Not only does a varied recommendation provide in itself for a richer user experience. Given the inherent uncertainty in user interest prediction –since it is based on implicit, incomplete evidence of interests, where the latter are moreover subject to change–, avoiding a too narrow array of choice is generally a good approach to enhance the chances that the user is pleased by at least some recommended item. Sales diversity may enhance businesses as well, leveraging revenues from market niches.

It is easy to increase novelty and diversity by giving up on accuracy; the challenge is to enhance these aspects while still achieving a fair match of the user’s interests. The goal is thus generally to enhance the balance in this trade-off, rather than just a diversity or novelty increase.

DiveRS 2011 aims to gather researchers and practitioners interested in the role of novelty and diversity in recommender systems. The workshop seeks to advance towards a better understanding of what novelty and diversity are, how they can improve the effectiveness of recommendation methods and the utility of their outputs. We aim to identify open problems, relevant research directions, and opportunities for innovation in the recommendation business. The workshop seeks to stir further interest for these topics in the community, and stimulate the research and progress in this area.

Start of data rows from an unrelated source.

Lemma expect_h t : expect t h = h x0.
Proof.
elim: t => [|t IH]; first exact: expect0.
by rewrite expectS -IH; apply: eq_bigr => x _; rewrite h_harmonic.
Qed.

Lemma expect_h2_ge t :
  h x0 ^+ 2 + gamma * \sum_(0 <= s < t) expect s transient
  <= expect t (fun x => h x ^+ 2).
Proof.
elim: t => [|t IH]; first by rewrite big_nil mulr0 addr0 expect0.
rewrite big_nat_recr //= mulrDr addrA; apply: le_trans (lerD IH (lexx _)) _.
rewrite expectS /expect mulr_sumr -big_split; apply: ler_sum => x _ /=.
by rewrite [gamma * _]mulrCA -mulrDr ler_wpM2l ?p_ge0.
Qed.

Lemma expect_transient_sum t :
  gamma * \sum_(0 <= s < t) expect s transient <= 1.
Proof.
have h2_le : expect t (fun x => h x ^+ 2) <= h x0.
  by rewrite -(expect_h t); apply: ler_expect => x; rewrite expr2 ler_piMl.
apply: le_trans (h_le1 x0); apply: le_trans h2_le.
by apply: le_trans (expect_h2_ge t); rewrite lerDr sqr_ge0.
Qed.

Lemma absorption_gap t : 0 <= h x0 - p t hi <= expect t transient.
Proof.
have -> : h x0 - p t hi = \sum_(x | x != hi) p t x * h x.
  by rewrite -(expect_h t) /expect (bigD1 hi) //= h_hi mulr1 addrAC subrr add0r.
have -> : expect t transient = \sum_(x | x != hi) p t x * transient x.
  by rewrite /expect (bigD1 hi) //= /transient eqxx andbF mulr0 add0r.
rewrite sumr_ge0 => [|x _]; last by rewrite mulr_ge0 ?p_ge0.
apply: ler_sum => x x_hi; rewrite ler_wpM2l ?p_ge0 // /transient x_hi andbT.
by case: eqP => [->|_]; rewrite ?h_lo.
Qed.

Theorem harmonic_absorption : (fun t => p t hi) @ \oo --> h x0.
Proof.
pose q t := expect t transient.
have q_ge0 t : 0 <= q t by case/andP: (absorption_gap t) => /le_trans; apply.
have q_cvg0 : q @ \oo --> 0.
  apply: cvg_series_cvg_0; apply: nondecreasing_is_cvgn.
    exact: nondecreasing_series (fun t _ _ => q_ge0 t).
  exists gamma^-1 => _ [t _ <-] /=.
  by rewrite -(ler_pM2l gamma_gt0) mulfV ?gt_eqF ?expect_transient_sum.
have gap_cvg0 : (fun t => h x0 - p t hi) @ \oo --> 0.
  apply: (squeeze_cvgr _ (cvg_cst 0) q_cvg0).
  by near=> t; exact: absorption_gap.
rewrite (_ : (fun t => p t hi) = fun t => h x0 - (h x0 - p t hi)).
  by rewrite -[X in _ --> X]subr0; apply: cvgB => //; exact: cvg_cst.
by apply: funext => t; rewrite subKr.
Unshelve. all: by end_near.
Qed.

End HarmonicAbsorption.

Arguments transient {R T}.

Lemma sum_mixture_indicator (R : pzSemiRingType) (I T : finType) (P : pred I)
    (w : I -> R) (X : I -> T) (f : T -> R) :
  \sum_y (\sum_(i | P i) w i * (y == X i)%:R) * f y = \sum_(i | P i) w i * f (X i).
Proof.
under eq_bigr do rewrite mulr_suml.
rewrite exchange_big; apply: eq_bigr => i _ /=.
rewrite (bigD1 (X i)) //= eqxx mulr1 big1 ?addr0 // => y /negbTE ->.
by rewrite mulr0 mul0r.
Qed.

Section TransitionKernel.
Variables (R : realType) (V : finType) (e : rel V).

Lemma fit_ge0 (r : R) (S : {set V}) (u : V) : 0 <= r -> 0 <= fit r S u.
Proof. by rewrite /fit; case: ifP. Qed.

Lemma trans_ge0 (delta r : R) (S S' : {set V}) :
  0 <= delta <= 1 -> 0 <= r -> 0 <= trans e delta r S S'.
Proof.
case/andP=> delta_ge0 delta_le1 r_ge0.
have fit_sum_ge0 (a : pred V) : 0 <= \sum_(w | a w) fit r S w.
  by rewrite sumr_ge0 // => w _; rewrite fit_ge0.
rewrite addr_ge0 // mulr_ge0 ?subr_ge0 //.
- apply: sumr_ge0 => v _; rewrite mulr_ge0 ?invr_ge0 ?ler0n //.
  by apply: sumr_ge0 => u _; rewrite mulr_ge0 ?ler0n ?divr_ge0 ?fit_ge0.
- apply: sumr_ge0 => u _; rewrite mulr_ge0 ?divr_ge0 ?fit_ge0 //.
  by apply: sumr_ge0 => v _; rewrite mulr_ge0 ?invr_ge0 ?ler0n.
Qed.

Lemma dB_transE (r : R) (S : {set V}) (f : {set V} -> R) :
  \sum_S' dB_trans e r S S' * f S' =
  \sum_v #|V|%:R^-1 * \sum_(u | e v u)
    fit r S u / (\sum_(w | e v w) fit r S w) * f (upd S v (u \in S)).
Proof.
rewrite /dB_trans; under eq_bigr do rewrite mulr_suml.
rewrite exchange_big; apply: eq_bigr => v _ /=.
by under eq_bigr do rewrite -mulrA; rewrite -mulr_sumr sum_mixture_indicator.
Qed.

Lemma Bd_transE (r : R) (S : {set V}) (f : {set V} -> R) :
  \sum_S' Bd_trans e r S S' * f S' =
  \sum_u fit r S u / (\sum_w fit r S w) * \sum_(v | e u v)
    #|[set w | e u w]%classic|%:R^-1 * f (upd S v (u \in S)).
Proof.
rewrite /Bd_trans; under eq_bigr do rewrite mulr_suml.
rewrite exchange_big; apply: eq_bigr => u _ /=.
by under eq_bigr do rewrite -mulrA; rewrite -mulr_sumr sum_mixture_indicator.
Qed.

Lemma sum_upd (g : V -> R) (S : {set V}) (v : V) (b : bool) :
  \sum_(x in upd S v b) g x = \sum_(x in S) g x + g v * (b%:R - (v \in S)%:R).
Proof.
rewrite big_mkcond [in RHS]big_mkcond (bigD1 v) //= [in RHS](bigD1 v) //=.
have -> : \sum_(x | x != v) (if x \in upd S v b then g x else 0) =
          \sum_(x | x != v) (if x \in S then g x else 0).
  by apply: eq_bigr => x xv; rewrite /upd; case: b; rewrite !inE (negbTE xv).
by rewrite /upd; case: b; rewrite !inE eqxx /=; case: (v \in S) => /=; ring.
Qed.

End TransitionKernel.

Section Star.
Variables (n : nat) (c : 'I_n.+2).

Lemma sum_star_nbr (M : nmodType) (v : 'I_n.+2) (g : 'I_n.+2 -> M) :
  \sum_(w | star c v w) g w = if v == c then \sum_(w | w != c) g w else g c.
Proof.
case: eqP => [->|/eqP vc].
  by apply: eq_bigl => w; rewrite /star eqxx orTb andbT eq_sym.
rewrite (big_pred1 c) // => w; rewrite /star (negbTE vc) /=.
by case: (eqVneq w c) => [->|wc]; rewrite ?vc ?eqxx ?(negbTE wc) ?andbF.
Qed.

Lemma sum_star_edges (M : nmodType) (F : 'I_n.+2 -> 'I_n.+2 -> M) :
  \sum_v \sum_(u | star c v u) F v u = \sum_(l | l != c) (F c l + F l c).
Proof.
rewrite (bigD1 c) //= sum_star_nbr eqxx.
under eq_bigr => v vc do rewrite sum_star_nbr (negbTE vc).
by rewrite big_split.
Qed.

Lemma sum_leaves_const (M : nmodType) (k : M) : \sum_(l | l != c) k = k *+ n.+1.
Proof. by rewrite sumr_const cardC1 card_ord. Qed.

Lemma card_star_nbr (v : 'I_n.+2) :
  #|[set w | star c v w]%classic| = if v == c then n.+1 else 1%N.
Proof.
have -> : #|[set w | star c v w]%classic| = \sum_(w | star c v w) 1%N.
  by rewrite sum1_card; apply: eq_card => w; apply/idP/idP; rewrite in_setE.
by rewrite sum_star_nbr; case: eqP => // _; rewrite sum1_card cardC1 card_ord.
Qed.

The abstract from “Fusion-based Recommender System for Improving Serendipity” by Kenta Oku, Fumio Hattori reads:

Recent work has focused on new measures that are beyond the accuracy of recommender systems. Serendipity, which is one of these measures, is defined as a measure that indicates how the recommender system can find unexpected and useful items for users. In this paper, we propose a Fusion-based Recommender System that aims to improve the serendipity of recommender systems. The system is based on the novel notion that the system finds new items, which have the mixed features of two user-input items, produced by mixing the two items together. The system consists of item-fusion methods and scoring methods. The item-fusion methods generate a recommendation list based on mixed features of two user-input items. Scoring methods are used to rank the recommendation list. This paper describes these methods and gives experimental results.

Interested yet? ;-)